Whilst this may not eliminate the problem it may well mean that errors are tracked slightly faster and tracking is fixed quicker - resulting it more money for both the affiliate and the network.
So why isn’t it done? My personal opinion is that networks tend to rely on Affiliates to warn them of problems with tracking - yet again meaning affiliates are becoming consultants working for free to help the networks gain the mega bucks.
I’d certainly welcome a network that had a more proactive testing department and I’m sure that something like this would encourage affiliates to switch their links across.

March 3rd, 2007 at 7:45 pm
There are a few automated services that could do this. One I’ve used is siteconfidence.com.
Basically it follows a set of steps on a schedule and looks for certain results each page. Its normally used to check that your site isn’t broken.
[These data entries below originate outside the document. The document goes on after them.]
(* For all positive integers $n\geq 2$ and $t$, $|D_{n,t}|=\left\lceil\frac{n^t}{n+1}\right\rceil$.
   Context: For a positive integer $n$ let $[n]=\{1,\dots,n\}$; vertices of the Sierpiński graph $S(K_n,t)$ are words in $[n]^t$. Write $a^k$ for the word consisting of $k$ copies of the letter $a$. The sets $D_{n,t}\subseteq[n]^t$ are defined recursively: $D_{n,1}=\{1\}$, $D_{n,2}=\{11,21,\dots,n1\}$. For $t\geq 3$ and $\mathbf v=v_1\cdots v_{t-2}\in D_{n,t-2}$ put $E_1(\mathbf v)=\{v_1\cdots v_{t-2}\alpha\alpha:\alpha\in[n]\}$, $E_2(\mathbf v)=\{v_1\cdots v_{t-3}\alpha\beta v_{t-2}:\alpha,\beta\in[n]\setminus\{v_{t-2}\}\}$, and, if $\mathbf v$ is not a constant word, let $\ell$ be the largest index in $[t-3]$ with $v_\ell\neq v_{\ell+1}$ and put $E_3(\mathbf v)=\{v_1\cdots v_{\ell-1}v_{\ell+1}v_\ell^{\,t-\ell-2}\alpha v_\ell:\alpha\in[n]\setminus\{v_\ell\}\}$. If $t\geq 3$ is odd, $D_{n,t}=E_1(1^{t-2})\cup E_2(1^{t-2})\cup\bigcup_{\mathbf v\in D_{n,t-2}\setminus\{1^{t-2}\}}\big(E_1(\mathbf v)\cup E_2(\mathbf v)\cup E_3(\mathbf v)\big)$. If $t\geq 4$ is even, $D_{n,t}=\{1^{t-2}\alpha1:\alpha\in[n]\}\cup\bigcup_{\mathbf v\in D_{n,t-2}\setminus\{1^{t-2}\}}\big(E_1(\mathbf v)\cup E_2(\mathbf v)\cup E_3(\mathbf v)\big)$. (In this recursion $1^{t-2}\in D_{n,t-2}$ is the only constant word in $D_{n,t-2}$, so $E_3$ is applied only to non-constant words.) *)

From mathcomp Require Import all_boot.
Set Implicit Arguments. Unset Strict Implicit. Unset Printing Implicit Defensive.
Lemma walk_xchain I d e ts :
  (forall t d1 d2, role I (Some t) d1 d2 -> d1 = d2) ->
  friendly I d -> ts <> [::] -> walk I (tword ts) d e ->
  exists p,
    [/\ xchain I d p, last d p = e & represents I (d :: p) (map proj1_tl ts)].
Proof.
move=> loops_only; elim: ts d => [|[a k] ts IH] d fr // _.
case: ts IH => [|t ts] IH /=.
- move=> [m [loop <-]]; have d_m := loops_only _ _ _ loop; subst m.
  exists [::]; split=> //; split=> //.
  exact: (friendly_loop_label fr loop).1.
- move=> [m [loop [y [x walk_y]]]]; have d_m := loops_only _ _ _ loop; subst m.
  case/(IH y (friendly_xstep fr x) _): walk_y => // p [chain <- rep].
  exists (y :: p); split=> //; split=> //.
  exact: (friendly_loop_label fr loop).1.
Qed.

Lemma represents_unique I d p w1 w2 :
  friendly I d -> xchain I d p ->
  represents I (d :: p) w1 -> represents I (d :: p) w2 -> w1 = w2.
Proof.
elim: p d w1 w2 => [|y p IH] d [|a1 w1] [|a2 w2] fr //= chain [l1 r1] [l2 r2].
all: have <- := (loop_labelP (friendly_loop_label fr l1) a2 Call).1 l2.
- by case: w1 w2 r1 r2 => [|? ?] [|? ?].
- case: chain => x chain.
  by rewrite (IH y w1 w2 (friendly_xstep fr x) chain r1 r2).
Qed.

End Semantics.

Section Metaword.

Variables (Sig : finType) (n : nat) (I : interp Sig 'I_n).
Hypothesis x_succ : forall i j : 'I_n, role I xl i j <-> val j = (val i).+1.

Lemma xchain_last d p : xchain I d p -> val (last d p) = val d + size p.
Proof.
elim: p d => [|y p IH] d /=; first by rewrite addn0.
by move=> [/x_succ y_succ /IH ->]; rewrite y_succ addSnnS.
Qed.

Lemma xchain_unique d p1 p2 :
  xchain I d p1 -> xchain I d p2 -> last d p1 = last d p2 -> p1 = p2.
Proof.
move=> c1 c2 eq_last.
have : size p1 = size p2.
  by apply/(@addnI (val d)); rewrite -!xchain_last ?eq_last.
elim: p1 d p2 c1 c2 {eq_last} => [|y1 p1 IH] d [|y2 p2] //=.
move=> [/x_succ x1 c1] [/x_succ x2 c2] [eq_size].
have eq_y : y1 = y2 by apply: val_inj; rewrite x1 x2.
by rewrite -eq_y in c2 *; rewrite (IH y1 p2 c1 c2 eq_size).
Qed.

End Metaword.

Lemma Lreach_accepted_chain (Sig : finType) (B : doca Sig) (Bt : vpa Sig) D
    (I : interp Sig D) d p w :
  tilde_of B Bt -> friendly I d -> xchain I d p -> represents I (d :: p) w ->
  daccepts B w -> Lreach I (vaccepts Bt) d (last d p).
Proof.
move=> [_ tildeB] fr chain rep /tildeB [ts [acc_ts [_ eq_w]]].
by exists (tword ts); split=> //; apply: represents_walk; rewrite -?eq_w.
Qed.

Lemma sem_C_A (Sig : finType) (At Ct : vpa Sig) D (I : interp Sig D) d :
  sem I (C_A At Ct) d <->
  friendly I d /\ (forall e, Lreach I (vaccepts At) d e -> acc I e) /\
  (forall e, Lreach I (vaccepts Ct) d e -> ~ acc I e).
Proof.
have allE L C : (forall e, Lreach I L d e -> sem I C e) <-> sem I (CAll L C) d.
  exact: iff_sym (sem_CAll I L C d).
by rewrite -sem_Cfr (allE _ CAcc) (allE _ (CNeg CAcc)).
Qed.

Lemma C_A_sound (Sig : finType) (A Cc : doca Sig) (At Ct : vpa Sig) :
  (forall w, w <> [::] -> ~ daccepts A w -> daccepts Cc w) ->
  tilde_of A At -> tilde_of Cc Ct ->
  forall D (I : interp Sig D) d, sem I (C_A At Ct) d ->
  friendly I d /\
  forall p w, xchain I d p -> represents I (d :: p) w ->
    (acc I (last d p) <-> daccepts A w).
Proof.
move=> Cc_compl tildeA tildeC D I d /sem_C_A [fr [accA naccC]].
split=> // p w chain rep; split=> [acc_last|acc_w].
- apply: NNPP => nacc_w.
  have w_nil : w <> [::] by move=> w_nil; rewrite w_nil in rep.
  apply: (naccC _ _ acc_last).
  exact: Lreach_accepted_chain tildeC fr chain rep (Cc_compl w w_nil nacc_w).
- exact/accA/(Lreach_accepted_chain tildeA fr chain rep acc_w).
Qed.

Lemma metaword_C_A_model (Sig : finType) (A Cc : doca Sig) (At Ct : vpa Sig) :
  (forall w, daccepts Cc w -> ~ daccepts A w) ->
  tilde_of A At -> tilde_of Cc Ct ->
  forall n (I : interp Sig 'I_n) d, metaword I d ->
  sem (with_acc I (Lreach I (vaccepts At) d)) (C_A At Ct) d.
Proof.
move=> Cc_disj [wfA tildeA] [wfC tildeC] n I d [fr [x_succ loops_only]].
have loops t i j : role I (Some t) i j -> i = j by apply: loops_only.
apply/sem_C_A; split; first exact/friendly_with_acc.
split=> [e /Lreach_with_acc //|e].
move=> /Lreach_with_acc [u2 [acc2 walk2]] [u1 [acc1 walk1]].
have [ts1 [ts1_nil eq_u1]] := wfA _ acc1; have [ts2 [ts2_nil eq_u2]] := wfC _ acc2.
subst u1 u2.
have [p1 [c1 l1 r1]] := walk_xchain loops fr ts1_nil walk1.
have [p2 [c2 l2 r2]] := walk_xchain loops fr ts2_nil walk2.
have eq_p := xchain_unique x_succ c1 c2 (etrans l1 (esym l2)); subst p2.
have eq_w := represents_unique fr c1 r1 r2.
apply: (Cc_disj (map proj1_tl ts1)).
- by apply/tildeC; exists ts2; rewrite eq_w.
- by apply/tildeA; exists ts1.
Qed.

Theorem lemma3p3 (Sig : finType) (A Cc : doca Sig) (At Ct : vpa Sig) :
  (* Cc recognizes the complement of L(A) (within the non-empty words) *)
  (forall w : seq Sig, daccepts Cc w <-> (w <> [::] /\ ~ daccepts A w)) ->
  tilde_of A At -> tilde_of Cc Ct ->
  (forall (D : Type) (I : interp Sig D) (d : D),
      sem I (C_A At Ct) d ->
      friendly I d /\
      (forall (p : seq D) (w : seq Sig),
          xchain I d p -> represents I (d :: p) w ->
          (acc I (last d p) <-> daccepts A w))) /\
  (forall (n : nat) (I : interp Sig 'I_n) (d : 'I_n),
      metaword I d ->
      exists P : 'I_n -> Prop, sem (with_acc I P) (C_A At Ct) d).
Proof.
move=> Cc_compl tildeA tildeC; split.
- by apply: C_A_sound tildeA tildeC => w w_nil nacc; apply/Cc_compl.
- move=> n I d mw; exists (Lreach I (vaccepts At) d).
  by apply: metaword_C_A_model tildeA tildeC n I d mw => w /Cc_compl [].
Qed.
It’s not cheap, but should be well within the budget of a major network and it’s much cheaper than the manual method.
March 17th, 2007 at 12:18 am
What you’re talking about is eminently doable James.
Here at SciVisum we run 24/7 website monitoring/ load testing of complex multi-step user Journeys for clients from the likes of Tesco to William Hill down to small sites at Govt departments or etc - and we run journeys to help clients see the effect of portal performance on their landing page journeys to sales conversion rates.
But the hard things in terms of specifically putting orders through networks in the way you’re thinking are things like: effort in unravelling the stats of the fake orders; for acuracy 1 sample per merchant per week is not enough, so would be placing many more orders than 4 per hour.
Automated payments means reuse of the same credit cards - and hassle from credit card companies; who pays the CC!
But hey, none are unsurmountable - mostly it just requires willingness from the network… I’ve talked to a few in the past, and didn’t get much traction; but maybe it’s an idea whose time is coming.
Be interested to take it further if anyone else thinks so.